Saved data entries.
================================
Definition regular : Prop :=
  has_finite_limits /\
  (forall (A B : C) (f : Hom A B) (P : C) (p1 p2 : Hom P A),
      is_pullback f f P p1 p2 -> exists (Q : C) (q : Hom A Q), is_coequalizer p1 p2 q) /\
  (forall (A B D : C) (e : Hom A D) (g : Hom B D) (P : C) (p1 : Hom P A) (p2 : Hom P B),
      regular_epi e -> is_pullback e g P p1 p2 -> regular_epi p2).

(** A relation from X to Y is a subobject of X × Y; a morphism
    into X × Y is a pair of morphisms and it is a monomorphism iff the pair is
    jointly monic.  We represent a relation by such a representative. *)
Record Rel (X Y : C) : Type := {
  rob : C;
  rl : Hom rob X;
  rr : Hom rob Y;
  rjm : forall (T : C) (u v : Hom T rob), rl ∘ u = rl ∘ v -> rr ∘ u = rr ∘ v -> u = v
}.

Arguments rob {X Y} _.
Arguments rl {X Y} _.
Arguments rr {X Y} _.

Definition mem2 {X Y : C} (R : Rel X Y) {S : C} (x : Hom S X) (y : Hom S Y) : Prop :=
  exists t : Hom S (rob R), rl R ∘ t = x /\ rr R ∘ t = y.

Definition rle {X Y : C} (R R' : Rel X Y) : Prop :=
  exists t : Hom (rob R) (rob R'), rl R' ∘ t = rl R /\ rr R' ∘ t = rr R.

Definition req {X Y : C} (R R' : Rel X Y) : Prop := rle R R' /\ rle R' R.

Definition reflexive {X : C} (R : Rel X X) : Prop :=
  exists d : Hom X (rob R), rl R ∘ d = idm X /\ rr R ∘ d = idm X.

Definition symmetric {X : C} (R : Rel X X) : Prop :=
  forall (S : C) (x y : Hom S X), mem2 R x y -> mem2 R y x.

Definition transitive {X : C} (R : Rel X X) : Prop :=
  forall (S : C) (x y z : Hom S X), mem2 R x y -> mem2 R y z -> mem2 R x z.

Definition equivalence {X : C} (R : Rel X X) : Prop :=
  reflexive R /\ symmetric R /\ transitive R.

Definition effective {X : C} (R : Rel X X) : Prop :=
  exists (Y : C) (f : Hom X Y), is_pullback f f (rob R) (rl R) (rr R).

Definition is_intersection {X Y : C} (A B I : Rel X Y) : Prop :=
  exists (iA : Hom (rob I) (rob A)) (iB : Hom (rob I) (rob B)),
    (rl A ∘ iA = rl I /\ rr A ∘ iA = rr I /\ rl B ∘ iB = rl I /\ rr B ∘ iB = rr I) /\
    forall (T : C) (u : Hom T (rob A)) (v : Hom T (rob B)),
      rl A ∘ u = rl B ∘ v -> rr A ∘ u = rr B ∘ v ->
      exists w : Hom T (rob I), iA ∘ w = u /\ iB ∘ w = v.

(** [K] is the composite R ∘ S (R from X to Y, S from Y to Z): the image
    (regular epi / mono factorization) of (r1 p1, s2 p2) : P -> X × Z where
    (P, p1, p2) is the pullback of s1 along r2. *)
Definition is_composite {X Y Z : C} (R : Rel X Y) (S : Rel Y Z) (K : Rel X Z) : Prop :=
  exists (P : C) (p1 : Hom P (rob R)) (p2 : Hom P (rob S)),
    is_pullback (rr R) (rl S) P p1 p2 /\
    exists e : Hom P (rob K),
      regular_epi e /\ rl K ∘ e = rl R ∘ p1 /\ rr K ∘ e = rr S ∘ p2.

Record Rel3 (X Y Z : C) := {
  r3ob : C;
  r3a : Hom r3ob X;
  r3b : Hom r3ob Y;
  r3c : Hom r3ob Z;
  r3jm : forall (T : C) (u v : Hom T r3ob),
      r3a ∘ u = r3a ∘ v -> r3b ∘ u = r3b ∘ v -> r3c ∘ u = r3c ∘ v -> u = v
}.

Arguments r3ob {X Y Z} _.
Arguments r3a {X Y Z} _.
Arguments r3b {X Y Z} _.
Arguments r3c {X Y Z} _.

Definition mem3 {X Y Z : C} (R : Rel3 X Y Z) {S : C}
    (x : Hom S X) (y : Hom S Y) (z : Hom S Z) : Prop :=
  exists t : Hom S (r3ob R), r3a R ∘ t = x /\ r3b R ∘ t = y /\ r3c R ∘ t = z.

Definition majority_selecting {X Y Z : C} (R : Rel3 X Y Z) : Prop :=
  forall (S : C) (x x' : Hom S X) (y y' : Hom S Y) (z z' : Hom S Z),
    mem3 R x y z' -> mem3 R x y' z -> mem3 R x' y z -> mem3 R x y z.

Definition majority_category : Prop :=
  forall (X Y Z : C) (R : Rel3 X Y Z), majority_selecting R.

End CatDefs.



Arguments is_terminal {C} _.
Arguments is_pullback {C A B D} _ _ _ _ _.
Arguments is_coequalizer {C A B Q} _ _ _.
Arguments regular_epi {C B Q} _.
Arguments mem2 {C X Y} _ {S} _ _.
Arguments rle {C X Y} _ _.
Arguments req {C X Y} _ _.
Arguments reflexive {C X} _.
Arguments symmetric {C X} _.
Arguments transitive {C X} _.
Arguments equivalence {C X} _.
Arguments effective {C X} _.
Arguments is_intersection {C X Y} _ _ _.
Arguments is_composite {C X Y Z} _ _ _.
Arguments mem3 {C X Y Z} _ {S} _ _ _.
Arguments majority_selecting {C X Y Z} _.

(* Work with generalized elements.  In a regular category membership in an
   intersection is conjunction, membership in a composite R ∘ S means that a
   middle element exists after passing to a regular-epi cover, and membership in
   any relation descends along regular epis.
   (i) ⇒ (ii), (iii): apply the majority property to the ternary relation
   {(x, y, z) | ∃ w, x A w, w B y, w D z}, resp. to
   {((x, x'), y, z) | ∃ w, x A w A x', y B w, w D z}.
   (v) ⇒ (i), (ii) ⇒ (i): for elements t1 = (x, y, z'), t2 = (x, y', z),
   t3 = (x', y, z) of a ternary relation R, the kernel pairs α, β, γ of the
   projections of R satisfy (t1, t2) ∈ α ∩ (β ∘ γ) and (t1, t2) ∈ (β ∘ γ) ∩ (β ∘ α);
   the inclusions (v), resp. (ii) with A, B, D := β, γ, α, give locally an
   element of R with coordinates (x, y, z).
   (iii) ⇒ (iv): the reverse inclusion holds for any transitive α. *)


Arguments rob {C X Y} _.
Arguments rl {C X Y} _.
Arguments rr {C X Y} _.
Arguments rjm {C X Y} _ {T} _ _ _ _.
Arguments r3ob {C X Y Z} _.
Arguments r3a {C X Y Z} _.
Arguments r3b {C X Y Z} _.
Arguments r3c {C X Y Z} _.
Arguments r3jm {C X Y Z} _ {T} _ _ _ _ _.

Ltac assoc_r := repeat rewrite <- comp_assoc.
Ltac assoc_l := repeat rewrite comp_assoc.

Section RegularCategory.
Variable C : Cat.

Definition is_product {X Y P : C} (p1 : Hom P X) (p2 : Hom P Y) : Prop :=
  (forall S (f : Hom S X) (g : Hom S Y), exists h : Hom S P, p1 ∘ h = f /\ p2 ∘ h = g) /\
  (forall S (h h' : Hom S P), p1 ∘ h = p1 ∘ h' -> p2 ∘ h = p2 ∘ h' -> h = h').

Lemma regular_epi_epi {B Q : C} (q : Hom B Q) : regular_epi q ->
  forall Z (u v : Hom Q Z), u ∘ q = v ∘ q -> u = v.
Proof.
  intros [A [f [g [Hqfg Huniv]]]] Z u v E.
  destruct (Huniv Z (u ∘ q)) as [w [_ Hw]].
  { assoc_r. rewrite Hqfg. reflexivity. }
  rewrite (Hw u eq_refl), (Hw v (eq_sym E)). reflexivity.
Qed.

Lemma pullback_lift {A B D P : C} {f : Hom A D} {g : Hom B D} {p1 : Hom P A} {p2 : Hom P B} :
  is_pullback f g P p1 p2 -> forall T (u : Hom T A) (v : Hom T B), f ∘ u = g ∘ v ->
  exists w : Hom T P, p1 ∘ w = u /\ p2 ∘ w = v.
Proof. intros [_ H] T u v E. destruct (H T u v E) as [w [Hw _]]. eauto. Qed.

Lemma pullback_jointly_monic {A B D P : C} {f : Hom A D} {g : Hom B D}
    {p1 : Hom P A} {p2 : Hom P B} :
  is_pullback f g P p1 p2 ->
  forall T (w w' : Hom T P), p1 ∘ w = p1 ∘ w' -> p2 ∘ w = p2 ∘ w' -> w = w'.
Proof.
  intros [Hsq H] T w w' E1 E2.
  destruct (H T (p1 ∘ w') (p2 ∘ w')) as [z [_ Hz]].
  { assoc_l. rewrite Hsq. reflexivity. }
  rewrite (Hz w E1 E2), (Hz w' eq_refl eq_refl). reflexivity.
Qed.


Lemma mem2_precomp {X Y S T : C} (R : Rel C X Y) (x : Hom S X) (y : Hom S Y) (h : Hom T S) :
  mem2 R x y -> mem2 R (x ∘ h) (y ∘ h).
Proof. intros [t [E1 E2]]. exists (t ∘ h). assoc_l. rewrite E1, E2. auto. Qed.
================================
WORK ITEM. Look above for the line containing "(i) ⇒ (ii), (iii): apply" and the line containing "(v) ⇒ (i), (ii) ⇒ (i): for". Transcribe both, with the lines between them, exactly.

RESPONSE AREA.
   (i) ⇒ (ii), (iii): apply the majority property to the ternary relation
   {(x, y, z) | ∃ w, x A w, w B y, w D z}, resp. to
   {((x, x'), y, z) | ∃ w, x A w A x', y B w, w D z}.
   (v) ⇒ (i), (ii) ⇒ (i): for elements t1 = (x, y, z'), t2 = (x, y', z),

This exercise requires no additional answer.